■ **WORK TASK**:
Scan the listing for the word "lexx" and report every line that contains it.
DATA Block Start
(* Let $m,n\geq 1$ and let $c_0:V(K_{m,n})\to\mathbb{Z}$ be any initial chip configuration on the complete bipartite graph $K_{m,n}$. Then the sequence of configurations $(c_t)_{t\ge0}$ produced by the diffusion process is eventually periodic, i.e. there exist $t\geq 0$ and $p\geq 1$ with $c_{t+p}=c_t$.
   Context: Diffusion process: for a finite simple graph $G$ and a chip configuration $c_t:V(G)\to\mathbb{Z}$ (negative values allowed), the next configuration is defined simultaneously for every vertex $u$ by $c_{t+1}(u)=c_t(u)-|\{w\in N(u): c_t(u)>c_t(w)\}|+|\{w\in N(u): c_t(u)<c_t(w)\}|$. *)

From mathcomp Require Import all_boot all_order all_algebra.
Set Implicit Arguments. Unset Strict Implicit. Unset Printing Implicit Defensive.
Import Order.TTheory GRing.Theory Num.Theory.
Local Open Scope ring_scope.

Definition simple_graph (T : finType) (e : rel T) : Prop :=
  symmetric e /\ irreflexive e.

Definition diffuse_step (T : finType) (e : rel T) (c : T -> int) : T -> int :=
  fun u => c u - (#|[set w | e u w & c w < c u]|)%:Z
               + (#|[set w | e u w & c u < c w]|)%:Z.

Definition diffuse (T : finType) (e : rel T) (c0 : T -> int) (t : nat) : T -> int :=
  iter t (diffuse_step e) c0.

Definition Kmn_adj (m n : nat) : rel ('I_m + 'I_n)%type :=
  fun x y => match x, y with
             | inl _, inr _ | inr _, inl _ => true
             | _, _ => false
             end.

Lemma Kmn_simple (m n : nat) : simple_graph (@Kmn_adj m n).
Proof. by split; [case=> x; case=> y | case=> x]. Qed.

From mathcomp Require Import all_boot all_order all_algebra.
From mathcomp Require Import zify.
Set Implicit Arguments. Unset Strict Implicit. Unset Printing Implicit Defensive.
Import Order.TTheory GRing.Theory Num.Theory.
Local Open Scope ring_scope.

(* Write one diffusion step as c' = c + f, where f v is the net flow of chips
   into v, an antisymmetric sum of signs over the edges at v.  The total number
   of chips is conserved, and the energy \sum c^2 changes by
   -V(c) + \sum f^2, where V(c) = \sum_(u ~ w) |c u - c w| and \sum f^2 <= N^3
   for N vertices.  On a connected graph, |c v - c w| <= N V(c) for all v, w,
   so a small V(c) confines every value near the conserved average.  Hence the
   energy, and with it every value, stays bounded along the orbit: only
   finitely many configurations occur, and two of them coincide.
   K_(m,n) is connected as soon as m, n >= 1. *)

Lemma sgrB (R : realDomainType) (x y : R) :
  Num.sg (y - x) = (x < y)%R%:R - (y < x)%R%:R.
Proof.
case: ltrgtP => [lt_xy | lt_yx | ->]; last by rewrite !subrr sgr0.
- by rewrite gtr0_sg ?subr_gt0 // subr0.
- by rewrite ltr0_sg ?subr_lt0 // sub0r.
Qed.

Lemma ler_sum_term (I : finType) (F : I -> int) i :
  (forall j, 0 <= F j) -> F i <= \sum_j F j.
Proof. by move=> F_ge0; rewrite (bigD1 i) //= lerDl sumr_ge0. Qed.

Lemma sumr_const_int (I : finType) (k : int) : \sum_(i : I) k = #|I|%:Z * k.
Proof. by rewrite sumr_const -mulr_natl natz. Qed.

Lemma nat_fun_repeat (F : finType) (g : nat -> F) :
  exists i j, (i < j)%N /\ g i = g j.
Proof.
have /injectivePn[i [j neq_ij eq_g]] :
    ~~ injectiveb (fun i : 'I_#|F|.+1 => g i).
  by apply/injectiveP => /leq_card; rewrite card_ord ltnn.
have [lt_ij | lt_ji | /val_inj eq_ij] := ltngtP i j.
- by exists i, j.
- by exists j, i.
- by rewrite eq_ij eqxx in neq_ij.
Qed.

Lemma bounded_fun_repeat (T : finType) (u : nat -> T -> int) (M : nat) :
  (forall t v, `|u t v| <= M%:Z) -> exists i j, (i < j)%N /\ u i =1 u j.
Proof.
move=> le_M.
pose code t : {ffun T -> 'I_(2 * M).+1} :=
  [ffun v => inord (absz (u t v + M%:Z))].
have codeK t v : (code t v)%:Z - M%:Z = u t v.
  by rewrite ffunE inordK; have := le_M t v; lia.
have [i [j [lt_ij eq_code]]] := nat_fun_repeat code.
by exists i, j; split => // v; rewrite -!codeK eq_code.
Qed.

Section Diffusion.
Variables (T : finType) (e : rel T).
Hypothesis e_sym : symmetric e.
Implicit Types (c : T -> int) (u v w : T).

Definition flow c v w : int := if e v w then Num.sg (c w - c v) else 0.

Definition net_flow c v : int := \sum_w flow c v w.

Definition energy c : int := \sum_v c v ^+ 2.

Definition variation c : int :=
  \sum_v \sum_w (if e v w then `|c v - c w| else 0).

Lemma diffuse_stepE c v : diffuse_step e c v = c v + net_flow c v.
Proof.
have card_setE (P : pred T) : #|[set w | P w]|%:Z = \sum_w (P w)%:R.
  rewrite -natz -sum1_card big_mkcond natr_sum /=.
  by apply: eq_bigr => w _; rewrite inE; case: (P w).
rewrite /diffuse_step !card_setE -addrA; congr (_ + _); rewrite addrC -sumrB.
by apply: eq_bigr => w _; rewrite /flow sgrB; case: (e v w); rewrite ?subr0.
Qed.

Lemma flowN c v w : flow c w v = - flow c v w.
Proof.
by rewrite /flow e_sym; case: (e v w); rewrite ?oppr0 // -sgrN opprB.
Qed.

Lemma sum_antisym (F : T -> T -> int) :
  (forall v w, F w v = - F v w) -> \sum_v \sum_w F v w = 0.
Proof.
move=> F_anti; suff: (\sum_v \sum_w F v w) *+ 2 = 0 by lia.
rewrite mulr2n {2}exchange_big -big_split big1 // => v _.
by rewrite -big_split big1 // => w _ /=; rewrite F_anti addNr.
Qed.

Lemma sum_net_flow c : \sum_v net_flow c v = 0.
Proof. exact: sum_antisym (flowN c). Qed.

Lemma sum_diffuse_step c : \sum_v diffuse_step e c v = \sum_v c v.
Proof.
rewrite (eq_bigr _ (fun v _ => diffuse_stepE c v)) big_split /=.
by rewrite sum_net_flow addr0.
Qed.

Lemma sum_diffuse c0 t : \sum_v diffuse e c0 t v = \sum_v c0 v.
Proof. by elim: t => //= t IHt; rewrite sum_diffuse_step. Qed.

Lemma variation_ge0 c : 0 <= variation c.
Proof. by apply: sumr_ge0 => v _; apply: sumr_ge0 => w _; case: (e v w). Qed.

Lemma sum_mul_net_flow c : (\sum_v c v * net_flow c v) *+ 2 = - variation c.
Proof.
(* Antisymmetry of the flow turns [2 * c v] into [c v - c w] under the sum. *)
have sym_part : \sum_v \sum_w (c v + c w) * flow c v w = 0.
  by apply: sum_antisym => v w; rewrite flowN addrC mulrN.
rewrite -[LHS]subr0 -[X in _ - X]sym_part mulr2n -big_split -sumrB.
rewrite /variation -sumrN.
apply: eq_bigr => v _ /=; rewrite /net_flow mulr_sumr -big_split -sumrB -sumrN.
apply: eq_bigr => w _ /=; rewrite /flow.
case: (e v w); last by rewrite !mulr0 subr0 oppr0.
by rewrite distrC normrEsg; lia.
Qed.

Lemma energy_diffuse_step c :
  energy (diffuse_step e c) = energy c - variation c + \sum_v net_flow c v ^+ 2.
Proof.
rewrite -sum_mul_net_flow /energy.
under eq_bigr do rewrite diffuse_stepE sqrrD.
by rewrite !big_split /= mulr2n addrA.
Qed.

Lemma norm_net_flow_le c v : `|net_flow c v| <= #|T|%:Z.
Proof.
rewrite -[#|T|%:Z]mulr1 -sumr_const_int; apply: le_trans (ler_norm_sum _ _ _) _.
apply: ler_sum => w _; rewrite /flow; case: (e v w); rewrite ?normr0 //.
by rewrite normr_sg; case: eqP.
Qed.

Lemma sum_net_flow_sq_le c : \sum_v net_flow c v ^+ 2 <= (#|T| ^ 3)%:Z.
Proof.
have -> : (#|T| ^ 3)%:Z = \sum_(v : T) (#|T| ^ 2)%:Z.
  by rewrite sumr_const_int; lia.
by apply: ler_sum => v _; have := norm_net_flow_le c v; nia.
Qed.

Lemma norm_sub_le_variation c u v : e u v -> `|c u - c v| <= variation c.
Proof.
move=> e_uv; pose F x y : int := if e x y then `|c x - c y| else 0.
have F_ge0 x y : 0 <= F x y by rewrite /F; case: (e x y).
have le_F : `|c u - c v| <= F u v by rewrite /F e_uv.
apply: (le_trans le_F); apply: (le_trans (ler_sum_term v (F_ge0 u))).
exact: ler_sum_term u (fun x => sumr_ge0 _ (fun y _ => F_ge0 x y)).
Qed.

Lemma path_norm_sub_le c x p :
  path e x p -> `|c x - c (last x p)| <= (size p)%:Z * variation c.
Proof.
elim: p x => [|y p IHp] x /=; first by rewrite subrr normr0 mul0r.
case/andP=> e_xy /IHp le_yp; have le_xy := norm_sub_le_variation c e_xy.
by apply: le_trans (ler_distD (c y) _ _) _; lia.
Qed.

Lemma connect_norm_sub_le c u v :
  connect e u v -> `|c u - c v| <= #|T|%:Z * variation c.
Proof.
case/connectP=> p /shortenP[q e_q /andP[_ uniq_q] _] ->.
have size_q : (size q <= #|T|)%N.
  by rewrite -(card_uniqP uniq_q) max_card.
apply: le_trans (path_norm_sub_le c e_q) _.
by rewrite ler_wpM2r ?variation_ge0 ?lez_nat.
Qed.

Hypothesis e_connected : forall u v, connect e u v.

Lemma norm_le_variation c v :
  `|c v| <= `|\sum_u c u| + (#|T| ^ 2)%:Z * variation c.
Proof.
have card_gt0 : (0 < #|T|)%N by apply/card_gt0P; exists v.
have sum_split : #|T|%:Z * c v = \sum_u c u + \sum_u (c v - c u).
  by rewrite sumrB addrC subrK sumr_const_int.
have le_diff : `|\sum_u (c v - c u)| <= (#|T| ^ 2)%:Z * variation c.
  apply: le_trans (ler_norm_sum _ _ _) _.
  have -> : (#|T| ^ 2)%:Z * variation c = \sum_(u : T) #|T|%:Z * variation c.
    by rewrite sumr_const_int; lia.
  by apply: ler_sum => u _; apply: connect_norm_sub_le.
have := ler_normD (\sum_u c u) (\sum_u (c v - c u)).
by rewrite -sum_split normrM; nia.
Qed.

Lemma energy_le c X : (forall v, `|c v| <= X) -> energy c <= #|T|%:Z * X ^+ 2.
Proof.
move=> le_X; rewrite -sumr_const_int; apply: ler_sum => v _.
by have := le_X v; nia.
Qed.

(* [N ^ 3] bounds [\sum_v net_flow c v ^+ 2], so the energy can only grow when
   [variation c <= N ^ 3], and then |c v| <= |s| + N ^ 2 * N ^ 3. *)
Definition energy_cap (s : int) : int :=
  #|T|%:Z * (`|s| + (#|T| ^ 5)%:Z) ^+ 2 + (#|T| ^ 3)%:Z.

Lemma energy_diffuse_step_le c :
  energy (diffuse_step e c) <= Num.max (energy c) (energy_cap (\sum_v c v)).
Proof.
rewrite energy_diffuse_step le_max; have flow_le := sum_net_flow_sq_le c.
have [large | small] := ltP (#|T| ^ 3)%:Z (variation c).
  by apply/orP; left; lia.
apply/orP; right.
have norm_le v : `|c v| <= `|\sum_u c u| + (#|T| ^ 5)%:Z.
  apply: le_trans (norm_le_variation c v) _; rewrite lerD2l.
  have -> : (#|T| ^ 5)%:Z = (#|T| ^ 2)%:Z * (#|T| ^ 3)%:Z.
    by rewrite -PoszM -expnD.
  by rewrite ler_wpM2l.
have := energy_le norm_le; have := variation_ge0 c; rewrite /energy_cap; lia.
Qed.

Lemma energy_diffuse_le c0 t :
  energy (diffuse e c0 t) <= Num.max (energy c0) (energy_cap (\sum_v c0 v)).
Proof.
elim: t => [|t IHt]; first by rewrite le_max lexx.
apply: le_trans (energy_diffuse_step_le _) _.
by rewrite sum_diffuse ge_max IHt le_max lexx orbT.
Qed.

Lemma norm_diffuse_le c0 t v :
  `|diffuse e c0 t v| <= Num.max (energy c0) (energy_cap (\sum_v c0 v)).
Proof.
apply: le_trans (energy_diffuse_le c0 t).
have sq_le : diffuse e c0 t v ^+ 2 <= energy (diffuse e c0 t).
  by apply: ler_sum_term v (fun u => sqr_ge0 _).
by apply: le_trans sq_le; nia.
Qed.

Theorem diffuse_eventually_periodic c0 :
  exists t p, (0 < p)%N /\ diffuse e c0 (t + p) =1 diffuse e c0 t.
Proof.
pose B := Num.max (energy c0) (energy_cap (\sum_v c0 v)).
have le_B t v : `|diffuse e c0 t v| <= (absz B)%:Z.
  by rewrite abszE; apply: le_trans (norm_diffuse_le c0 t v) (ler_norm B).
have [i [j [lt_ij eq_ij]]] := bounded_fun_repeat le_B.
exists i, (j - i)%N; rewrite subn_gt0 subnKC; last exact: ltnW.
by split=> [|v]; [exact: lt_ij | exact: esym (eq_ij v)].
Qed.

End Diffusion.

Lemma Kmn_connected m n :
  (0 < m)%N -> (0 < n)%N -> forall u v, connect (@Kmn_adj m n) u v.
Proof.
move=> m_gt0 n_gt0.
have left_right a b : connect (@Kmn_adj m n) (inl a) (inr b) by apply: connect1.
have right_left b a : connect (@Kmn_adj m n) (inr b) (inl a) by apply: connect1.
case=> [a|b] [a'|b'].
- exact: connect_trans (left_right a (Ordinal n_gt0)) (right_left _ a').
- exact: left_right.
- exact: right_left.
- exact: connect_trans (right_left b (Ordinal m_gt0)) (left_right _ b').
Qed.

Theorem theorem13 (m n : nat) (hm : (1 <= m)%N) (hn : (1 <= n)%N)
    (c0 : ('I_m + 'I_n)%type -> int) :
  exists t p : nat, (1 <= p)%N /\
    diffuse (@Kmn_adj m n) c0 (t + p) =1 diffuse (@Kmn_adj m n) c0 t.
Proof.
exact: diffuse_eventually_periodic (Kmn_simple m n).1 (Kmn_connected hm hn) c0.
Qed.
DATA Block End
■ **EXERCISE RESULT**:
elim: t => [|t IHt]; first by rewrite le_max lexx.
by rewrite sum_diffuse ge_max IHt le_max lexx orbT.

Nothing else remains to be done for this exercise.